Big tech corporations probably won’t launch such a system. Microsoft and Amazon faced a massive backlash when they sought to sell facial recognition systems to police departments, forcing both companies to back away from the idea. But there’s nothing to stop a cyber criminal from developing their own version of I-XRAY.
“The bad actors are already aware they can do this,” said Ardayfio, a physics major.
And the system could be tweaked to capture more than one face at a time. Because all the heavy computing is done by powerful servers in the cloud, Ardayfio and Nguyen said, it would be easy to design a version which could photograph a crowd of people, then look up the data for each one of them. Imagine a police department shooting a photo of people at a protest rally, and being able to find all their names in just a few minutes.

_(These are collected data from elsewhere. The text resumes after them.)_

(* Let $L$ be an infinite set and let $Q$ be either the edgeless cube $Q_L$ or the edged cube $\bar Q_L$. The universally convergent basic sequences on $Q$ form a submonoid $\mathrm{uc}_L$ of the monoid $\mathrm{m}_L$ of all basic sequences under concatenation.
   Context: Let $L$ be an infinite set, $-L=\{-r:r\in L\}$ a disjoint copy of $L$, and $0$ a new element; $L^\dagger=-L\cup\{0\}\cup L$ with $-(-r)=r$, $-0=0$. Adjoin $\pm\infty$ with $-(+\infty)=-\infty$ and set $\bar L^\dagger=L^\dagger\cup\{\pm\infty\}$. Points of $U=(\bar L^\dagger)^3$ have coordinates $x,y,z$. The edgeless cube $Q_L$ is the set of points of $U$ with exactly one coordinate in $\{\pm\infty\}$ (cells). The edged cube $\bar Q_L$ is the set of cells $(p,i)$ with $p\in U$, $i\in\{x,y,z\}$, $p_i\in\{\pm\infty\}$ ($i$ marks the face). For $i\in\{x,y,z\}$, $\alpha\in\bar L^\dagger$, the quarter-turn twist $T_{i,\alpha}$ is the permutation of cells fixing every cell whose point $p$ has $p_i\ne\alpha$ and acting on the others by $T_{x,\alpha}(\alpha,y,z)=(\alpha,-z,y)$, $T_{y,\alpha}(x,\alpha,z)=(z,\alpha,-x)$, $T_{z,\alpha}(x,y,\alpha)=(-y,x,\alpha)$ (in $\bar Q_L$ the marked coordinate is carried along by the rotation). Basic twists are $T,T^2,T^3$ for quarter-turn twists $T$. A basic sequence is a sequence $\langle\sigma_\eta:\eta<\theta\rangle$ of basic twists of ordinal length $\theta$; $\mathrm{m}_L$ is the monoid of all basic sequences under concatenation, with identity the empty sequence. A labelling is a map $f$ from cells to $X\cup\{\mathrm{NaC}\}$ for a set $X\not\ni\mathrm{NaC}$; it is legal if it never takes value NaC. A twist $\sigma$ acts by $(\sigma f)(c)=f(\sigma^{-1}c)$. Applying $\langle\sigma_\eta:\eta<\theta\rangle$ to $f_0$ produces $f_{\eta+1}=\sigma_\eta f_\eta$, and for limit $\lambda\le\theta$, $f_\lambda(c)$ is the eventually constant value of $f_\eta(c)$ ($\eta<\lambda$) if it exists and NaC otherwise; $f_\theta$ is the terminal labelling. The sequence is universally convergent if, applied to the identity labelling (each cell labelled by itself), its terminal labelling is legal. *)

From Stdlib Require Import List ClassicalEpsilon.
Set Implicit Arguments.

Definition infinite_type (L : Type) : Prop :=
  forall l : list L, exists x : L, ~ In x l.

Inductive Ldag (L : Type) : Type := LNeg (r : L) | LZero | LPos (r : L).
Arguments LNeg {L} r. Arguments LZero {L}. Arguments LPos {L} r.

Definition ldneg {L} (a : Ldag L) : Ldag L :=
  match a with LNeg r => LPos r | LZero => LZero | LPos r => LNeg r end.

Inductive Lbar (L : Type) : Type := LFin (a : Ldag L) | LPInf | LMInf.
Arguments LFin {L} a. Arguments LPInf {L}. Arguments LMInf {L}.

Definition lbneg {L} (v : Lbar L) : Lbar L :=
  match v with LFin a => LFin (ldneg a) | LPInf => LMInf | LMInf => LPInf end.

Definition is_inf {L} (v : Lbar L) : bool :=
  match v with LFin _ => false | _ => true end.

Lemma is_inf_neg {L} (v : Lbar L) : is_inf (lbneg v) = is_inf v.
Proof. destruct v; reflexivity. Qed.

Inductive axis : Type := AX | AY | AZ.

Definition point (L : Type) : Type := (Lbar L * Lbar L * Lbar L)%type.

Definition coord {L} (p : point L) (i : axis) : Lbar L :=
  match p with (x, y, z) => match i with AX => x | AY => y | AZ => z end end.

Definition rot_pt {L} (i : axis) (p : point L) : point L :=
  match p with (x, y, z) =>
    match i with
    | AX => (x, lbneg z, y)
    | AY => (z, y, lbneg x)
    | AZ => (lbneg y, x, z)
    end end.

(* where the coordinate j is carried by the rotation about axis i *)
Definition rot_axis (i j : axis) : axis :=
  match i, j with
  | AX, AY => AZ | AX, AZ => AY
  | AY, AX => AZ | AY, AZ => AX
  | AZ, AX => AY | AZ, AY => AX
  | _, _ => j
  end.

Definition at_layer {L} (i : axis) (alpha : Lbar L) (p : point L) : bool :=
  if excluded_middle_informative (coord p i = alpha) then true else false.

Definition qturn_pt {L} (i : axis) (alpha : Lbar L) (p : point L) : point L :=
  if at_layer i alpha p then rot_pt i p else p.

(** * Edgeless cube Q_L: points with exactly one infinite coordinate *)
Definition b2n (b : bool) : nat := if b then 1 else 0.

Definition edgeless_cellb {L} (p : point L) : bool :=
  match p with (x, y, z) =>
    Nat.eqb (b2n (is_inf x) + b2n (is_inf y) + b2n (is_inf z)) 1
  end.

Lemma rot_pt_edgeless {L} (i : axis) (p : point L) :
  edgeless_cellb (rot_pt i p) = edgeless_cellb p.
Proof.
  destruct p as [[x y] z]; destruct i; simpl; rewrite ?is_inf_neg;
  destruct (is_inf x), (is_inf y), (is_inf z); reflexivity.
Qed.

Lemma qturn_pt_edgeless {L} (i : axis) (alpha : Lbar L) (p : point L) :
  edgeless_cellb p = true -> edgeless_cellb (qturn_pt i alpha p) = true.
Proof.
  intro H; unfold qturn_pt; destruct (at_layer i alpha p);
  [rewrite rot_pt_edgeless|]; exact H.
Qed.

Definition ecell (L : Type) : Type := { p : point L | edgeless_cellb p = true }.

Definition qturn_ecell {L} (i : axis) (alpha : Lbar L) (c : ecell L) : ecell L :=
  exist _ (qturn_pt i alpha (proj1_sig c))
          (@qturn_pt_edgeless L i alpha (proj1_sig c) (proj2_sig c)).

(** * Edged cube bar Q_L: pairs (p, i) with p_i infinite *)

Lemma rot_coord_inf {L} (i j : axis) (p : point L) :
  is_inf (coord (rot_pt i p) (rot_axis i j)) = is_inf (coord p j).
Proof.
  destruct p as [[x y] z]; destruct i, j; simpl; rewrite ?is_inf_neg; reflexivity.
Qed.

Bruce Schneier, a fellow at the Harvard Kennedy School and the author of multiple books on data security, said I-XRAY’s capabilities shouldn’t come as a shock.
“This is a perfectly reasonable use of the technologies we’ve built for the internet,” Schneier said. “It is unsurprising. And the fact that you can’t do anything about it is unsurprising.”

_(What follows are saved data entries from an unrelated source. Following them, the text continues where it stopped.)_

(* Let $K$ be the set of double cones of Minkowski spacetime $\mathbb M^4$ with symmetry group the Poincaré group $\mathscr P^\uparrow_+$. There exists $f\in\mathrm C^0(K,\mathcal D)^{\mathscr P^\uparrow_+}$ such that $f_a$ is nonzero and non-negative for every $a\in K$. Furthermore, the 1-cochain $\delta f$ belongs to $\mathrm C^1(K,\mathcal D)^{\mathscr P^\uparrow_+}$ and satisfies: (i) $(\delta f)^{ev}_b=f_{|b|}$ is nonzero and non-negative for every 1-simplex $b$; (ii) $(\delta f)^{odd}_b=f_{\partial_0b}-f_{\partial_1b}\neq0$ for every 1-simplex $b$ with $\partial_0b\ne\partial_1b$.
   Context: Double cones: sets $s(o_R)$ with $R>0$, $o_R=\{(t,\mathbf x)\in\mathbb R^4:|t|+|\mathbf x|<R\}$, and $s\in\mathscr P^\uparrow_+$ (proper orthochronous Poincaré group); $K$ is ordered by inclusion and $\mathscr P^\uparrow_+$ acts by $o\mapsto s(o)$. A 1-simplex is $b=(|b|;\partial_0b,\partial_1b)$ with $|b|,\partial_0b,\partial_1b\in K$, $\partial_0b,\partial_1b\subseteq|b|$; opposite $\overline b=(|b|;\partial_1b,\partial_0b)$; $s(b)=(s(|b|);s(\partial_0b),s(\partial_1b))$. $\mathcal D_a$: real smooth compactly supported functions on $\mathbb R^4$ vanishing outside the closure of $a$. $\mathrm C^0(K,\mathcal D)$: maps $a\mapsto f_a\in\mathcal D_a$; $\mathrm C^1(K,\mathcal D)$: maps $b\mapsto f_b\in\mathcal D_{|b|}$ on 1-simplices. $S$-action: $(sf)_x=f_{s(x)}\circ s$; $\mathrm C^n(K,\mathcal D)^{\mathscr P^\uparrow_+}$ denotes the fixed points. $(\delta f)_b:=f_{\partial_0b}-f_{\partial_1b}+f_{|b|}$ for $f\in\mathrm C^0(K,\mathcal D)$. For $g\in\mathrm C^1(K,\mathcal D)$: $g^{ev}_b=\tfrac12(g_b+g_{\overline b})$, $g^{odd}_b=\tfrac12(g_b-g_{\overline b})$. *)

From HB Require Import structures.
From mathcomp Require Import all_boot all_order all_algebra.
From mathcomp Require Import all_classical all_reals all_analysis.
Set Implicit Arguments. Unset Strict Implicit. Unset Printing Implicit Defensive.
Import Order.TTheory GRing.Theory Num.Theory.
Import numFieldNormedType.Exports.
Local Open Scope classical_set_scope.
Local Open Scope ring_scope.

Section Minkowski.
Variable R : realType.

(* Minkowski spacetime M^4 : row vectors (t, x1, x2, x3), index 0 = time. *)
Definition pt := 'rV[R]_4.

Definition eta : 'M[R]_4 := diag_mx (\row_(i < 4) (if i == 0 then 1 else -1)).

Definition poincare (L : 'M[R]_4) (a : pt) : Prop :=
  L *m eta *m L^T = eta /\ \det L = 1 /\ 0 < L 0 0.

Definition pact (L : 'M[R]_4) (a : pt) (x : pt) : pt := x *m L + a.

But Nguyen and Ardayfio say it’s not completely hopeless. You can’t prevent people using AI to recognize your face. But we can make it harder to find our sensitive data online.
The inventors of I-XRAY recommend that people reach out to the major online data brokers and facial image search companies, and ask to be deleted from their databases. PimEyes and FastPeopleSearch say they’ll remove people on request, and there are a number of companies, including Cloaked.com and DeleteMe, that sell services that remove your information from multiple data brokers.
But there’s no guarantee that all database operators will be so accommodating. And even though the workings of I-XRAY are secret, the Harvard pair say it’s just a matter of time before someone develops an open-source version and turns it loose on the world.
“The truth hurts sometimes,” said Nguyen, “and we just have to make the message known.”